# Scientific Evidence of Benefits of Shoaling Fish kept in groups



## Byron (Mar 7, 2009)

We've been advocating maintaining shoaling fish (tetras, angelfish, barbs, rasbora, corydoras, etc) in groups of 6 or more for some time; apparently this has never been scientifically studied--until now. Here's a link to an article from Practical Fishkeeping about a study that confirmed that larger groups of these fish have less stress and (in some cases) significantly less aggression.

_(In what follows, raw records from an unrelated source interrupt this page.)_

Theorem lemma2
  (n m : nat) (Hm : 1 <= m) (Hmn : m <= n)
  (us : 'I_n -> 'I_n) (Ups : 'I_n -> 'I_n -> 'I_n -> Cx)
  (Hus : u_ok m us) (Halg : is_comm_assoc m us Ups)
  (k : nat) (Hk : 2 <= k) (Hk2 : k <= 2 * n)
  (e : 'I_k -> Alg n) (He : Ek_basis_ok m e)
  (Om : Alg n -> Prop) (HOm : domain e Om)
  (Hconv : forall v : 'I_n, v < m -> convex_dir e Om v)
  (Hsurj : forall v : 'I_n, v < m -> forall c : Cx, exists z, inEk e z /\ f_ v z = c)
  (Phi : Alg n -> Alg n) (HPhi : monogenic m us Ups e Om Phi) :
  forall (z1 z2 : Alg n) (v : 'I_n), v < m ->
    Om z1 -> Om z2 -> inM e v (Asub z2 z1) ->
    in_ideal v (Asub (Phi z2) (Phi z1)).
Proof.
move=> z1 z2 v v_lt Om_z1 Om_z2 [h_Ek h_v].
have seg_in := Hconv v v_lt z1 z2 Om_z1 Om_z2 (conj h_Ek h_v).
have coord_const (pr : Cx -> R) :
    (forall x, Rabs (pr x) <= Cnorm x)%R -> pr C0 = 0%R ->
    (forall x y, pr (Cadd x (Copp y)) = pr x - pr y)%R ->
    (forall t x, pr (Cscale t x) = t * pr x)%R ->
    pr (Phi z2 v) = pr (Phi z1 v).
  move=> pr_le pr0 prB prZ.
  have pr_Amul D : pr (Amul m us Ups (Asub z2 z1) D v) = 0%R.
    by rewrite (in_ideal_Amull _ _ _ v_lt h_v).
  have := phi_Phi_seg_const HPhi h_Ek seg_in (phi := fun a => pr (a v))
    (fun a => Rle_trans _ _ _ (pr_le _) (Cnorm_le_Anorm a v))
    (fun a b => prB _ _) (fun t a => prZ _ _) pr_Amul.
  by rewrite seg1_sub seg0.
have fst_eq := coord_const fst Rabs_fst_le_Cnorm erefl (fun _ _ => erefl) (fun _ _ => erefl).
have snd_eq := coord_const snd Rabs_snd_le_Cnorm erefl (fun _ _ => erefl) (fun _ _ => erefl).
rewrite /in_ideal /Asub /Cadd /Copp /C0 /= fst_eq snd_eq.
by congr pair; ring.
Qed.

http://www.practicalfishkeeping.co....sh_do_best_in_larger_numbers&utm_content=html

Byron.


----------



## kitten_penang (Mar 26, 2008)

this is how they live in the wild. http://www.youtube.com/watch?v=cWIVCdLOImw


----------



## bones14 (Mar 19, 2010)

I read this article as well.I agree with one reader who commented that they should have used larger groups in larger tanks as well.Overall a good piece that proves that having groups does serve a purpose and is more in keeping with natural behavior.


----------



## 1077 (Apr 16, 2008)

+one, Have always thought that large groups are much more appealing, and they do appear to appreciate being in large groups as well.


----------



## kitten_penang (Mar 26, 2008)

yup coz although they are hand bred they still have their natural inborn instinct.


----------



## TexasTanker (May 5, 2010)

Neat article, although I wonder at the accuracy they could have attained by doing larger group studies. 10 litres is not much, and 5 angels seems small if you're trying to demonstrate"shoaling'" behavior.I'd be curious if they got different results in a larger tank with larger groups.


----------



## iamntbatman (Jan 3, 2008)

Agreed, especially since, in the case of things like tiger barbs, you often find that even six or eight fish isn't enough to really alleviate the problems associated with having too few fish in the shoal. I'd like to see them use 55g tanks and groups of 1, 2, 3, 5, 8, 12, 20 and 30 barbs (though I guess their metrics would be pretty useless with just one fish).


----------